● **AIM OF THE EXERCISE**:
Each line that has the string "gone" must be copied from the records below.

● **MATERIALS PROVIDED**:
-- Opening Marker --
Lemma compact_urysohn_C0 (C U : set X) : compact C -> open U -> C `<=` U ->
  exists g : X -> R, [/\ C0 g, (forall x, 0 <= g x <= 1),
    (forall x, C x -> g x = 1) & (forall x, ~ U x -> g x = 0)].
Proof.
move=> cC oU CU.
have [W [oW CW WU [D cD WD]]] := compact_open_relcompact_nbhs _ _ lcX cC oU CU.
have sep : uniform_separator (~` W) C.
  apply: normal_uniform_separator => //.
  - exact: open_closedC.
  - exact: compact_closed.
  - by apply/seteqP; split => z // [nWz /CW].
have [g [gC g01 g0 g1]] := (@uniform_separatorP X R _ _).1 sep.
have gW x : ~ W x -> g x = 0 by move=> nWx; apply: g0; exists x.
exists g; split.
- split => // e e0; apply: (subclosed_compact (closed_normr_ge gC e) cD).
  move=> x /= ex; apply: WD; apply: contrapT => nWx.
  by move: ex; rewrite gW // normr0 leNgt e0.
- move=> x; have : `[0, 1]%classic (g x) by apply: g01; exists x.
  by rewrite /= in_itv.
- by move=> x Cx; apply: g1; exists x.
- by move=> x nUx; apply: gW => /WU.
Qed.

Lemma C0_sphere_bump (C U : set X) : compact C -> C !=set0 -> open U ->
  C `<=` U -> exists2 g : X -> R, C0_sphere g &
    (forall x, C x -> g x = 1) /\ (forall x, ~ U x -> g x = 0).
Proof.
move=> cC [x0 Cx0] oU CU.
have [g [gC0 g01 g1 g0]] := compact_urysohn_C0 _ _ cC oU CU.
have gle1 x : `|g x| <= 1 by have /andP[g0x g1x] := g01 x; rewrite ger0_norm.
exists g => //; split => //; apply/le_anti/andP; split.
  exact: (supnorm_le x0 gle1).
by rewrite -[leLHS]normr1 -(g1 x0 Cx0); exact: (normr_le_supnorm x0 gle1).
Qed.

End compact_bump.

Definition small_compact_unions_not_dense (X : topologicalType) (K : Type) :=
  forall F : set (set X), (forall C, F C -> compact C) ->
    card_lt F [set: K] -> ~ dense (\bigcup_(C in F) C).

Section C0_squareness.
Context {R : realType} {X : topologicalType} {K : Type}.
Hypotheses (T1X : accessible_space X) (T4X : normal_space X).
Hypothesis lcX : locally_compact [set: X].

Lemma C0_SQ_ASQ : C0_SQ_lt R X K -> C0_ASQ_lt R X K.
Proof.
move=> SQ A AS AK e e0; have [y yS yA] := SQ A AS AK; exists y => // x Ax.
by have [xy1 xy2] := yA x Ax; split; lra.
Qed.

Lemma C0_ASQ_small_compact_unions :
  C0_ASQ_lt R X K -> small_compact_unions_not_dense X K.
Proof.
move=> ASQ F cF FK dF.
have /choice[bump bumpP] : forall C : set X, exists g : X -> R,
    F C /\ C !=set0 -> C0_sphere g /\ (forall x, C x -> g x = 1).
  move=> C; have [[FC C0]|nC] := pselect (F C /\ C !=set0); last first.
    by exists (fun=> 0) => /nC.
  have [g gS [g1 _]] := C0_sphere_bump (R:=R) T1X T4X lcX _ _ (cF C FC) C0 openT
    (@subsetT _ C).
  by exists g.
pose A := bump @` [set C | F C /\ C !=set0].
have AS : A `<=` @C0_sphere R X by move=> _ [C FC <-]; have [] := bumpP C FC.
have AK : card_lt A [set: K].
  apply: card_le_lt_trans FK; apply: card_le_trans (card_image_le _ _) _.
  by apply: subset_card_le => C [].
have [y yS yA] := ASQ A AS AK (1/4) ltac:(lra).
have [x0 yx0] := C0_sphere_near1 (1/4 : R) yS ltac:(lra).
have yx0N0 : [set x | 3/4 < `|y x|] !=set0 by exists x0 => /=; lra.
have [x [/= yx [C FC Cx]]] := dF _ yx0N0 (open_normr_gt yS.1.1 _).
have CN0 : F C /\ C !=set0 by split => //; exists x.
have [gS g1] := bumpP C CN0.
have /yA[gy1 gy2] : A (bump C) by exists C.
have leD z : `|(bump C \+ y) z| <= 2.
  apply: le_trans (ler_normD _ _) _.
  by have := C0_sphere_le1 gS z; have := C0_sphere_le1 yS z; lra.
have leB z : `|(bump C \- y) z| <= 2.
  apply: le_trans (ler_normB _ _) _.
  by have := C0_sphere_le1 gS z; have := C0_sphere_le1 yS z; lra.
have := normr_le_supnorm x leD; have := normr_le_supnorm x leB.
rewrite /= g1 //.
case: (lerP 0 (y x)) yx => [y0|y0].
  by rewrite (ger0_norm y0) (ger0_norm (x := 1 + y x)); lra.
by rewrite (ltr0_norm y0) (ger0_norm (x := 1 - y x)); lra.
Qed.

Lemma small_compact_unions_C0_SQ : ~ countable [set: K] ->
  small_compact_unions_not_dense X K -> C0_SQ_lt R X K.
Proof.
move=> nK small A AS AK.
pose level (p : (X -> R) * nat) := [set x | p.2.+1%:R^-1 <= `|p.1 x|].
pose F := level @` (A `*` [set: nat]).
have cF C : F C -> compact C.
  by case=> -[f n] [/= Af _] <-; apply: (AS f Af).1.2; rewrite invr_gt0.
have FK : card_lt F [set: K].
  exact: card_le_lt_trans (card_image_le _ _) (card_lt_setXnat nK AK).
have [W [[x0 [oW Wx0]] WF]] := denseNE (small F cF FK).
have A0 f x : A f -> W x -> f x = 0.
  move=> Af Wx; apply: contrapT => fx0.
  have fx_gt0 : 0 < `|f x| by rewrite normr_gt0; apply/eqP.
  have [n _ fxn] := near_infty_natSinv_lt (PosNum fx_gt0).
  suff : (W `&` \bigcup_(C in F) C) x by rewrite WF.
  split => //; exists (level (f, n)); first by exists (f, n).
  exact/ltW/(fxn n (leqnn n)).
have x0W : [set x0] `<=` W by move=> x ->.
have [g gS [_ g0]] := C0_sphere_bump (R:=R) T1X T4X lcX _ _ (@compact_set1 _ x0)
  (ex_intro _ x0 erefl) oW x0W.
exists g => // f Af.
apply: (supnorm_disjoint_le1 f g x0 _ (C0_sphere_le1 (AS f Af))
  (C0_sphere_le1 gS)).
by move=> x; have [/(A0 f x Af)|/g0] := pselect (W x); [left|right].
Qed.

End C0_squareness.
-- Closing Marker --
-- Opening Marker --
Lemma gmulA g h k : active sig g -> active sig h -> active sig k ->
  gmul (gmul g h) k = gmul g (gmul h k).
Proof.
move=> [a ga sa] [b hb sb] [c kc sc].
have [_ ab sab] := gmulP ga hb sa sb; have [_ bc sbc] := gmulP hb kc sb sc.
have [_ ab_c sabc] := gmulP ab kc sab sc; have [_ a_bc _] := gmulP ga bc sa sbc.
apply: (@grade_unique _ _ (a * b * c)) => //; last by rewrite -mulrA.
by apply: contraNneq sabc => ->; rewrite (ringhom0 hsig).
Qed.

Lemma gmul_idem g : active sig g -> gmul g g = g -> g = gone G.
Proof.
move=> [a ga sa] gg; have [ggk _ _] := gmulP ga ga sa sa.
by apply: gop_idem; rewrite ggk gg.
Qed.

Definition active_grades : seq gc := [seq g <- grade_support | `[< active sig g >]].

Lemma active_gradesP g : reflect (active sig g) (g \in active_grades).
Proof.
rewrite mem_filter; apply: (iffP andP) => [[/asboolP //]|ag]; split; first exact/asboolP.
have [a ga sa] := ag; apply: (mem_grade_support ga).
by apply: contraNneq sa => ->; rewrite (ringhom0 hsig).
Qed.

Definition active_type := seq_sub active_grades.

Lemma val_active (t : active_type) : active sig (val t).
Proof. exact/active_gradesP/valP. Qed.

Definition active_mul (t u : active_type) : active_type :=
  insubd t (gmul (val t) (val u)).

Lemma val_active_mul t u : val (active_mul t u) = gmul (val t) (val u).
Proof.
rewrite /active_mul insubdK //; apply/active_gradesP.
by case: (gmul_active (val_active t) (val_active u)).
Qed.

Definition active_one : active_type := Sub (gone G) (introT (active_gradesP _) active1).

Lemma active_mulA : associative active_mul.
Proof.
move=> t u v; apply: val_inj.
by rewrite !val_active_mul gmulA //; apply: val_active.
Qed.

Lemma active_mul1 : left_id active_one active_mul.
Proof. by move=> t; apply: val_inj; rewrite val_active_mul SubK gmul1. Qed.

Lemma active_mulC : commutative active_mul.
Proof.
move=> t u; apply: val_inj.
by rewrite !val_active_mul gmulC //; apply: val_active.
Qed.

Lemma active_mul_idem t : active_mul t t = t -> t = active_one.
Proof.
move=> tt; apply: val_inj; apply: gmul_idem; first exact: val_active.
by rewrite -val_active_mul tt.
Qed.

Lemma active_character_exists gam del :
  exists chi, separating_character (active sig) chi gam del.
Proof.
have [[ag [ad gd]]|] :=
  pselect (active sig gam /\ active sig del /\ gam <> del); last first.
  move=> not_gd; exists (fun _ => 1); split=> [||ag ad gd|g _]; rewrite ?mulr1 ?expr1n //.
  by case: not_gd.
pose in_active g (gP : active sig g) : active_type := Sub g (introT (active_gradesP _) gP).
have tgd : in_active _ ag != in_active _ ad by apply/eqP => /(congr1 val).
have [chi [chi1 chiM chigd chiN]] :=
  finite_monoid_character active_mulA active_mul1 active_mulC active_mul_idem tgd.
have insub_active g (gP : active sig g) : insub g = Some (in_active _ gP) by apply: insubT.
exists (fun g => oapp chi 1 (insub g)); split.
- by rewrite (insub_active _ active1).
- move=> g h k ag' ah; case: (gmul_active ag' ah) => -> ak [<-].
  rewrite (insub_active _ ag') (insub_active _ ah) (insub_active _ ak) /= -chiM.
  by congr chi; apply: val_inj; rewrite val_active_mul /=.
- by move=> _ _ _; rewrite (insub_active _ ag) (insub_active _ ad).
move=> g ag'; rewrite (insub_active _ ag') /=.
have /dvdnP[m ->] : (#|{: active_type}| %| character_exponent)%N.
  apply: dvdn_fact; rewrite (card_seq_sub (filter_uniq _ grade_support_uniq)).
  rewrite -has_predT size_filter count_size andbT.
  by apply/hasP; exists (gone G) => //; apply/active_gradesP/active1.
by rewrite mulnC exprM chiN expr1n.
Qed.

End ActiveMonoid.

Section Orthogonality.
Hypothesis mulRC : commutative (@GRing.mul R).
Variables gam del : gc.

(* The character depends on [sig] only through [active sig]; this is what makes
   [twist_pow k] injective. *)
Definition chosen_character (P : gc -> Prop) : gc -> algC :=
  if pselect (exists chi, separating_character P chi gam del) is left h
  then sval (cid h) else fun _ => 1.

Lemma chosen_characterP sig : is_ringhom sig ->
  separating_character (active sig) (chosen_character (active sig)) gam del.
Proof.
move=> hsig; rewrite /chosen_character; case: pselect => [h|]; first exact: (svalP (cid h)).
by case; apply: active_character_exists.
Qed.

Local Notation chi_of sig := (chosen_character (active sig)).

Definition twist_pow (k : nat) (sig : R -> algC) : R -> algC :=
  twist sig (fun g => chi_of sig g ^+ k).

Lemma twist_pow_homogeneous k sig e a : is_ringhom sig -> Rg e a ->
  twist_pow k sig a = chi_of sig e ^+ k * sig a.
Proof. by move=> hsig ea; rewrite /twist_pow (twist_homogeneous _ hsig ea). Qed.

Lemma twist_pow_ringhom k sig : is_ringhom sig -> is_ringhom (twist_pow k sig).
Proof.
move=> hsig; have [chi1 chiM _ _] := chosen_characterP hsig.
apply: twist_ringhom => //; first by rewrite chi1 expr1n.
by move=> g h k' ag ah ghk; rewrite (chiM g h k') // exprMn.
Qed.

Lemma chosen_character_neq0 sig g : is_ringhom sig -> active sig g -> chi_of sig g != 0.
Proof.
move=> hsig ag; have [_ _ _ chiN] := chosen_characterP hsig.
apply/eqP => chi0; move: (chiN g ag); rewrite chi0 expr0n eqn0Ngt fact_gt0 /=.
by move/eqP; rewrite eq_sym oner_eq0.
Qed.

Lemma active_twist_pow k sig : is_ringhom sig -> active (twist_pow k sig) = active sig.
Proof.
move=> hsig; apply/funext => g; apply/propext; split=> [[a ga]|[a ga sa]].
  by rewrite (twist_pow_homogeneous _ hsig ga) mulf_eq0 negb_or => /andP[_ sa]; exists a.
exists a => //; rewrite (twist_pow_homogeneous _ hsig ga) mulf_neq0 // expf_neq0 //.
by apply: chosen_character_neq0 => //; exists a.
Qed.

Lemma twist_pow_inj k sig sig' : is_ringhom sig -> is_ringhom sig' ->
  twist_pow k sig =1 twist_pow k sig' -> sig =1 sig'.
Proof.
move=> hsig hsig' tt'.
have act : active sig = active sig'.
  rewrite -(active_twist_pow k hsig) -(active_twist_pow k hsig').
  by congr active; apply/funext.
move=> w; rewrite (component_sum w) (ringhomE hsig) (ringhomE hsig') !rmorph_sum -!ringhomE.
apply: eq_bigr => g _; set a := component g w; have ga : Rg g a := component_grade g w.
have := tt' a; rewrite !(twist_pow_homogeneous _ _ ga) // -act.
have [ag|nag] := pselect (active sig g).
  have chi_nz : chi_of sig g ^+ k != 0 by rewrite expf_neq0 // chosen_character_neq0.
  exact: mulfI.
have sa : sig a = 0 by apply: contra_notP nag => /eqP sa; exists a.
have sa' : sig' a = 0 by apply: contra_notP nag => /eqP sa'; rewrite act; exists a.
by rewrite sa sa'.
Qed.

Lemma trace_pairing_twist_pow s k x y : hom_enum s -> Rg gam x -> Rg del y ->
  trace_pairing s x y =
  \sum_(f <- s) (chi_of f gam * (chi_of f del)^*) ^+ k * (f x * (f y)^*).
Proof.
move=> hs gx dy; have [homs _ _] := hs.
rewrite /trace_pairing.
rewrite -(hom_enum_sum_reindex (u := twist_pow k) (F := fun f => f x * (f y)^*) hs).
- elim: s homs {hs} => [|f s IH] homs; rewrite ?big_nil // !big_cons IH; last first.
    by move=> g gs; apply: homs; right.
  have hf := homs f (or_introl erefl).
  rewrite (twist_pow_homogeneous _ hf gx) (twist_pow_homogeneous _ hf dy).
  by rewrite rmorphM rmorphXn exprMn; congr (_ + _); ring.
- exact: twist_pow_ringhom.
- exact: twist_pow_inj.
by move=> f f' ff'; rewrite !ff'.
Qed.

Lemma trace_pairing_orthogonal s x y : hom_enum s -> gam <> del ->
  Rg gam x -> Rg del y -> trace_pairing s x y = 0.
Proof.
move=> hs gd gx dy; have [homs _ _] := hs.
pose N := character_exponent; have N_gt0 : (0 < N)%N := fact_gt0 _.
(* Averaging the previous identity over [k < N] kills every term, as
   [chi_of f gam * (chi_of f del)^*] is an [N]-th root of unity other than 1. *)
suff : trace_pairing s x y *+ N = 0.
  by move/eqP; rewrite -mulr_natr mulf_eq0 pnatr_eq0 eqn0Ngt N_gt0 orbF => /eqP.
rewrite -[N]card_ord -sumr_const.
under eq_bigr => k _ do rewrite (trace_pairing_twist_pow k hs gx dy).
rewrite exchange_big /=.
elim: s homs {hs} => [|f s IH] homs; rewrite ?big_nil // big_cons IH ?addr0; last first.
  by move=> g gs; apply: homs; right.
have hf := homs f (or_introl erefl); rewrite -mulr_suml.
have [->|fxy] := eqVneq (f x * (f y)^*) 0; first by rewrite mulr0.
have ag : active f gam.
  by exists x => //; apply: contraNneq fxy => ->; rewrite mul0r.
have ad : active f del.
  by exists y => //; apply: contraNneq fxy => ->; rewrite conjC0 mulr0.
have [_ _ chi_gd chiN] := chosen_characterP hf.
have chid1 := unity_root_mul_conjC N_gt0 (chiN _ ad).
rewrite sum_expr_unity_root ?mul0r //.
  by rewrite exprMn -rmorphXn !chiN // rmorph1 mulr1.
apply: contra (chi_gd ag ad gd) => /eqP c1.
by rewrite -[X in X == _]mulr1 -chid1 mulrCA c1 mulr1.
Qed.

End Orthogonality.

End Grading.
-- Closing Marker --
● **SOLUTION TO THIS EXERCISE**:
Lemma gmul_idem g : active sig g -> gmul g g = g -> g = gone G.
Definition active_one : active_type := Sub (gone G) (introT (active_gradesP _) active1).
  by apply/hasP; exists (gone G) => //; apply/active_gradesP/active1.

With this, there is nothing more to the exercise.